Someone must know what is going on.

Yes, but you're not one of them.

Just because a lot of people do something doesn't make it a good idea, as the tobacco industry can attest.

Options are a way of transferring risk, which is very useful for fund managers and whatnot, since it means they can put a floor under their loses, or, alternatively, get additional leverage by taking on additional risk.

It's not, however, a very good method of making money. In statistical terms, the expected value of buying a stock (or a bond) is positive in nominal terms -- and, empirically, is positive in real terms as well. The expected value of buying or selling an option is negative, even in nominal terms. (The dollar values of gains and losses balance exactly, and then both parties pay transaction costs on top of that.)


Orfamay Quest wrote:
stuff stuff ...

You've been a good Robot today.

.

Shadow Lodge

Grand Magus wrote:
Orfamay Quest wrote:
stuff stuff ...
You've been a good Robot today.

With that attitude, you're lucky anyone engages you in conversation.
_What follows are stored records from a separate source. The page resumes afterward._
Lemma size_self_conj : size self_conj <= 'C(k, k./2).
Proof.
rewrite -size_tail_codes -(size_map tail_code); apply: uniq_leq_size.
  by rewrite map_inj_in_uniq ?filter_uniq ?ballot_seqs_uniq //; apply: tail_code_inj.
by move=> z /mapP[M]; rewrite mem_filter => /andP[_ dM] ->; apply: tail_code_in.
Qed.

End SelfConjugate.

(** * Caterpillars *)

Inductive cater : tree -> Prop :=
| cater_cherry a b : cater (Node (Leaf a) (Leaf b))
| cater_left a t : cater t -> cater (Node (Leaf a) t)
| cater_right a t : cater t -> cater (Node t (Leaf a)).

Lemma inodes_leafl a t : inodes (Node (Leaf a) t) = [::] :: map (cons true) (inodes t).
Proof. by []. Qed.

Lemma inodes_leafr a t : inodes (Node t (Leaf a)) = [::] :: map (cons false) (inodes t).
Proof. by rewrite /= cats0. Qed.

Lemma deepest_inode_cons b (s : seq (seq bool)) : [::] \in s ->
  (exists2 p, p \in [::] :: map (cons b) s & {in [::] :: map (cons b) s, forall q, prefix q p}) ->
  exists2 p, p \in s & {in s, forall q, prefix q p}.
Proof.
move=> s0 [p]; rewrite inE => /orP[/eqP->|/mapP[p' p's ->]] deep.
  by have := deep [:: b]; rewrite inE map_f ?orbT // => /(_ isT).
exists p' => // q qs.
by have := deep (b :: q); rewrite inE map_f ?orbT // prefix_cons eqxx => /(_ isT).
Qed.

Lemma caterpillar_cater t : caterpillar t -> cater t.
Proof.
elim: t => [a [p]//|[a|l1 l2] IHl [b|r1 r2] IHr cat_t].
- exact: cater_cherry.
- by apply/cater_left/IHr/(@deepest_inode_cons true).
- apply/cater_right/IHl/(@deepest_inode_cons false) => //.
  by move: cat_t; rewrite /caterpillar inodes_leafr.
- case: cat_t => p _ deep.
  have /deep : [:: false] \in inodes (Node (Node l1 l2) (Node r1 r2)) by rewrite /= !inE.
  have /deep : [:: true] \in inodes (Node (Node l1 l2) (Node r1 r2)).
    by rewrite /= !(inE, mem_cat) eqxx !orbT.
  by case: p {deep} => [|[] p].
Qed.

Lemma size_leaves t : size (leaves t) = (size (inodes t)).+1.
Proof.
by elim: t => [//|l IHl r IHr] /=; rewrite !size_cat IHl IHr !size_map addSn addnS.
Qed.

Lemma cater_prefix t i j : cater t -> i < size (inodes t) -> j < size (inodes t) ->
  prefix (nth [::] (inodes t) i) (nth [::] (inodes t) j) = (i <= j).
Proof.
have chain b (s : seq (seq bool)) i' j' :
    (forall i j, i < size s -> j < size s -> prefix (nth [::] s i) (nth [::] s j) = (i <= j)) ->
    i' <= size s -> j' <= size s ->
    prefix (nth [::] ([::] :: map (cons b) s) i') (nth [::] ([::] :: map (cons b) s) j') = (i' <= j').
  by move=> IH; case: i' j' => [|i'] [|j'] //= *; rewrite !(nth_map [::]) // prefix_cons eqxx IH.
move=> ct; elim: ct i j => [a b|a t' _ IH|a t' _ IH] i j.
- by case: i => [|[]]; case: j => [|[]].
- by rewrite inodes_leafl /= size_map !ltnS; apply: chain.
- by rewrite inodes_leafr /= size_map !ltnS; apply: chain.
Qed.

Definition clade t i := leaves_below t (nth [::] (inodes t) i).

Lemma clade0 t : clade t 0 = leaves t.
Proof. by case: t. Qed.

Lemma clade_leafl a t i : i < size (inodes t) -> clade (Node (Leaf a) t) i.+1 = clade t i.
Proof. by move=> it; rewrite /clade inodes_leafl /= (nth_map [::]). Qed.

Lemma clade_leafr a t i : i < size (inodes t) -> clade (Node t (Leaf a)) i.+1 = clade t i.
Proof. by move=> it; rewrite /clade inodes_leafr /= (nth_map [::]). Qed.

Lemma size_clade t i : cater t -> i < size (inodes t) -> size (clade t i) = size (leaves t) - i.
Proof.
move=> ct; elim: ct i => [a b|a t' _ IH|a t' _ IH] [|i] //; rewrite ?clade0 ?subn0 //.
- by rewrite inodes_leafl /= size_map ltnS => it; rewrite clade_leafl // IH.
- rewrite inodes_leafr /= size_map ltnS => it.
  by rewrite clade_leafr // IH // size_cat addn1 subSS.
Qed.

Lemma clade_subseq t i j : cater t -> i <= j -> j < size (inodes t) ->
  subseq (clade t j) (clade t i).
Proof.
move=> ct; elim: ct i j => [a b|a t' _ IH|a t' _ IH] i j ij.
- by case: j ij => [|[]] //; rewrite leqn0 => /eqP->.
- rewrite inodes_leafl /= size_map ltnS; case: j ij => [|j]; first by rewrite leqn0 => /eqP->.
  move=> ij jt; rewrite clade_leafl //; case: i ij => [_|i ij]; last by rewrite clade_leafl ?IH //; lia.
  by apply: subseq_trans (IH 0 j isT jt) _; rewrite !clade0 subseq_cons.
- rewrite inodes_leafr /= size_map ltnS; case: j ij => [|j]; first by rewrite leqn0 => /eqP->.
  move=> ij jt; rewrite clade_leafr //; case: i ij => [_|i ij]; last by rewrite clade_leafr ?IH //; lia.
  by apply: subseq_trans (IH 0 j isT jt) _; rewrite !clade0 prefix_subseq.
Qed.

(** * Coalescent histories of caterpillar pairs *)

Definition ffun_seq a b (h : {ffun 'I_a -> 'I_b}) : seq nat := [seq val (h i) | i <- enum 'I_a].

Lemma size_ffun_seq a b (h : {ffun 'I_a -> 'I_b}) : size (ffun_seq h) = a.
Proof. by rewrite size_map size_enum_ord. Qed.

Lemma nth_ffun_seq a b (h : {ffun 'I_a -> 'I_b}) (i : 'I_a) : nth 0 (ffun_seq h) i = h i.
Proof. by rewrite (nth_map i) ?size_enum_ord // nth_ord_enum. Qed.

Lemma card_ffun_seq a b (P : pred {ffun 'I_a -> 'I_b}) (L : seq (seq nat)) :
  uniq L -> {in L, forall l, size l = a /\ all (fun x => x < b) l} ->
  P =1 (fun h => ffun_seq h \in L) -> #|[set h | P h]| = size L.
Proof.
move=> uL sizeL PL; rewrite cardE -(size_map (@ffun_seq a b)); apply: perm_size.
have inj : injective (@ffun_seq a b).
  by move=> h1 h2 e; apply/ffunP => i; apply: ord_inj; rewrite -!nth_ffun_seq e.
apply: uniq_perm => [|//|l]; first by rewrite map_inj_uniq ?enum_uniq.
apply/mapP/idP => [[h]|lL]; first by rewrite mem_enum inE PL => hL ->.
have [sz /(all_nthP 0) lb] := sizeL l lL.
have lib (i : 'I_a) : nth 0 l i < b by apply: lb; rewrite sz.
set h := [ffun i => Ordinal (lib i)].
have hl : ffun_seq h = l.
  apply: (@eq_from_nth _ 0) => [|i]; first by rewrite size_ffun_seq sz.
  by rewrite size_ffun_seq => ia; rewrite (nth_ffun_seq _ (Ordinal ia)) ffunE.
by exists h; rewrite // mem_enum inE PL hl.
Qed.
If you're not open to differing opinions, how do you ever learn?


Mystic Lemur wrote:
Grand Magus wrote:
Orfamay Quest wrote:
stuff stuff ...
You've been a good Robot today.
With that attitude, you're lucky anyone engages you in conversation. If you're not open to differing opinions, how do you ever learn?

What's to learn?


I am a millionaire... In cents... Of Japanese yen...

Maybe even in full Japanese yen...! 'til I pay my bills, that is...


Mystic Lemur wrote:
If you're not open to differing opinions, how do you ever learn?

You're poor and always will be.

.

Liberty's Edge

And there's the patented Magus jerk-holery and lack of respect.


Krensky wrote:
And there's the patented Magus jerk-holery and lack of respect.

Meh. You don't need to learn anything when you already have the answers. We should all be flattered that GM bothers to address us at all, and not impose silly and unreasonable standards like correctness or even coherence. Standards like that are concerns only of lesser minds than GM's.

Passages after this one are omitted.